October 29, 2012 by · 2 Comments
Filed under: Social Brain 

I recently had a very interesting conversation with a colleague, stimulated by an exciting new project we’re about to embark on, which will explore attitudes to and perceptions of old age.

We discussed ways in which we might approach our research into the area, and considered the possibility of holding deliberative workshops with participants of varying ages. It seemed like it would be particularly helpful to talk to a group of what I’ve called ‘transitioners’ – people who are approaching ‘old age’ but not quite there yet.

Deciding on the actual age that would be appropriate to include in this group was trickier than you might think. My opening suggestion was that we go for the 60 to 70 range.
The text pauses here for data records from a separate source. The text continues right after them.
Lemma focal_distance (a b x y : R) : 0 < b < a -> on_ellipse a b (x, y) ->
  pdist (x, y) (f1 a b) = a * (1 + foc_c a b / a * (x / a)) /\ 0 < 1 + foc_c a b / a * (x / a).
Proof.
  intros h hxy. destruct (foc_c_sq a b h) as [hc hc0].
  assert (hcirc := ellipse_to_circle a b x y ltac:(lra) ltac:(lra) hxy).
  unfold on_ellipse in hxy. cbn [fst snd] in hxy.
  set (c := foc_c a b) in *.
  assert (hX : -1 <= x / a <= 1) by nra.
  assert (he : 0 <= c / a < 1).
  { split; [apply Rmult_le_pos; [lra | left; apply Rinv_0_lt_compat; lra] |].
    apply (Rmult_lt_reg_r a); [lra |]. field_simplify; nra. }
  assert (hpos : 0 < 1 + c / a * (x / a)) by nra.
  split; [| exact hpos].
  unfold pdist, norm, dot, psub, f1. cbn [fst snd]. fold c.
  rewrite <- (sqrt_pow2 (a * (1 + c / a * (x / a)))) by nra. f_equal.
  replace ((y - 0) * (y - 0)) with (b ^ 2 * (1 - x ^ 2 / a ^ 2)) by (rewrite <- hxy; field; lra).
  transitivity ((a * (1 + c / a * (x / a))) ^ 2 + (c ^ 2 - (a ^ 2 - b ^ 2)) * (1 - x ^ 2 / a ^ 2));
    [field; lra | rewrite hc; ring].
Qed.

Lemma eccentricity_sq (a b : R) : 0 < b < a ->
  (foc_c a b / a) ^ 2 = 1 - b ^ 2 / a ^ 2 /\ 0 <= foc_c a b / a.
Proof.
  intro h. destruct (foc_c_sq a b h) as [hc hc0]. split.
  - unfold Rdiv. rewrite Rpow_mult_distr, hc, pow_inv. field. lra.
  - apply Rmult_le_pos; [lra | left; apply Rinv_0_lt_compat; lra].
Qed.

Lemma delta_normalized_sq (a b : R) : 0 < b < a ->
  (delta a b / a ^ 2) ^ 2 = 1 - b ^ 2 / a ^ 2 + (b ^ 2 / a ^ 2) ^ 2 /\ 0 <= delta a b / a ^ 2.
Proof.
  intro h. destruct (delta_sq a b) as [hd hd0]. split.
  - unfold Rdiv. rewrite !Rpow_mult_distr, hd, !pow_inv. field. lra.
  - apply Rmult_le_pos; [lra | left; apply Rinv_0_lt_compat; nra].
Qed.

Lemma periodic_reciprocal_sum (a b x1 y1 x2 y2 x3 y3 : R) : 0 < b < a ->
  three_periodic a b (x1, y1) (x2, y2) (x3, y3) ->
  let e := foc_c a b / a in
  1 / (1 + e * (x1 / a)) + 1 / (1 + e * (x2 / a)) + 1 / (1 + e * (x3 / a))
  = (1 + b ^ 2 / a ^ 2 + delta a b / a ^ 2) / (b ^ 2 / a ^ 2).
Proof.
  intros h hP e. assert (ha : 0 < a) by lra. assert (hb : 0 < b) by lra.
  destruct (periodic_joach a b x1 y1 x2 y2 x3 y3 ha (proj1 h) hP) as (k & hk & j12 & j13 & j23).
  destruct hP as (e1 & e2 & e3 & n12 & n23 & n13 & _).
  assert (c1 := ellipse_to_circle a b x1 y1 ha hb e1).
  assert (c2 := ellipse_to_circle a b x2 y2 ha hb e2).
  assert (c3 := ellipse_to_circle a b x3 y3 ha hb e3).
  assert (d12 := normalize_distinct a b x1 y1 x2 y2 ha hb n12).
  assert (d13 := normalize_distinct a b x1 y1 x3 y3 ha hb n13).
  assert (d23 := normalize_distinct a b x2 y2 x3 y3 ha hb n23).
  assert (hbe : 0 < b ^ 2 / a ^ 2 < 1).
  { split; [apply Rdiv_lt_0_compat; nra |].
    apply (Rmult_lt_reg_r (a ^ 2)); [nra | field_simplify; nra]. }
  assert (hk1 := k_lt_1 _ k _ _ _ _ _ _ hbe c1 c2 c3 d12 d13 d23 j12 j13 j23).
  assert (hcl := closes_of_triangle _ k _ _ _ _ _ _ hbe hk c1 c2 c3 d12 d13 d23 j12 j13 j23).
  destruct (eccentricity_sq a b h) as [he he0].
  destruct (delta_normalized_sq a b h) as [hdh hdh0].
  apply (reciprocal_sum _ k); try assumption; try split; try nra.
Qed.

Lemma focal_distance_pos (a b : R) (P : pt) : 0 < b < a -> on_ellipse a b P ->
  0 < pdist P (f1 a b).
Proof.
  intros h hP. destruct P as [x y].
  destruct (focal_distance a b x y h hP) as [hd hpos].
  rewrite hd. apply Rmult_lt_0_compat; lra.
Qed.

Lemma periodic_inverse_focal_sum (a b : R) (P1 P2 P3 : pt) : 0 < b < a ->
  three_periodic a b P1 P2 P3 ->
  1 / pdist P1 (f1 a b) + 1 / pdist P2 (f1 a b) + 1 / pdist P3 (f1 a b)
  = (a ^ 2 + b ^ 2 + delta a b) / (a * b ^ 2).
Proof.
  intros h hP. destruct P1 as [x1 y1], P2 as [x2 y2], P3 as [x3 y3].
  assert (hsum := periodic_reciprocal_sum a b x1 y1 x2 y2 x3 y3 h hP). cbv zeta in hsum.
  destruct hP as (e1 & e2 & e3 & _).
  destruct (focal_distance a b x1 y1 h e1) as [-> p1].
  destruct (focal_distance a b x2 y2 h e2) as [-> p2].
  destruct (focal_distance a b x3 y3 h e3) as [-> p3].
  set (e := foc_c a b / a) in *.
  transitivity ((1 / (1 + e * (x1 / a)) + 1 / (1 + e * (x2 / a)) + 1 / (1 + e * (x3 / a))) / a).
  - unfold Rdiv. rewrite !Rinv_mult. ring.
  - rewrite hsum. field. lra.
Qed.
I’m sure I was somewhat influenced by thinking about my parents, who, in their early sixties, certainly don’t think of themselves as belonging to the category of ‘old age’. Both still working in some capacity, they recently holidayed by sea-kayaking off the coast of northern Scotland, in spite of autumnal gales and squally showers. Dad runs 10k in under fifty minutes, and last year Mum shifted several tonnes of millstone grit and built a 20 metre curved dry-stone wall out of it.

As life expectancy creeps up and the retirement age gets pushed higher, the boundaries of when exactly old age starts get fuzzier.

Of course, they’re showing some signs of ageing, and are perhaps starting to think about how they’ll fill their time once they’ve both completely withdrawn from work, but they’re definitely not there yet. Transitioners, for sure.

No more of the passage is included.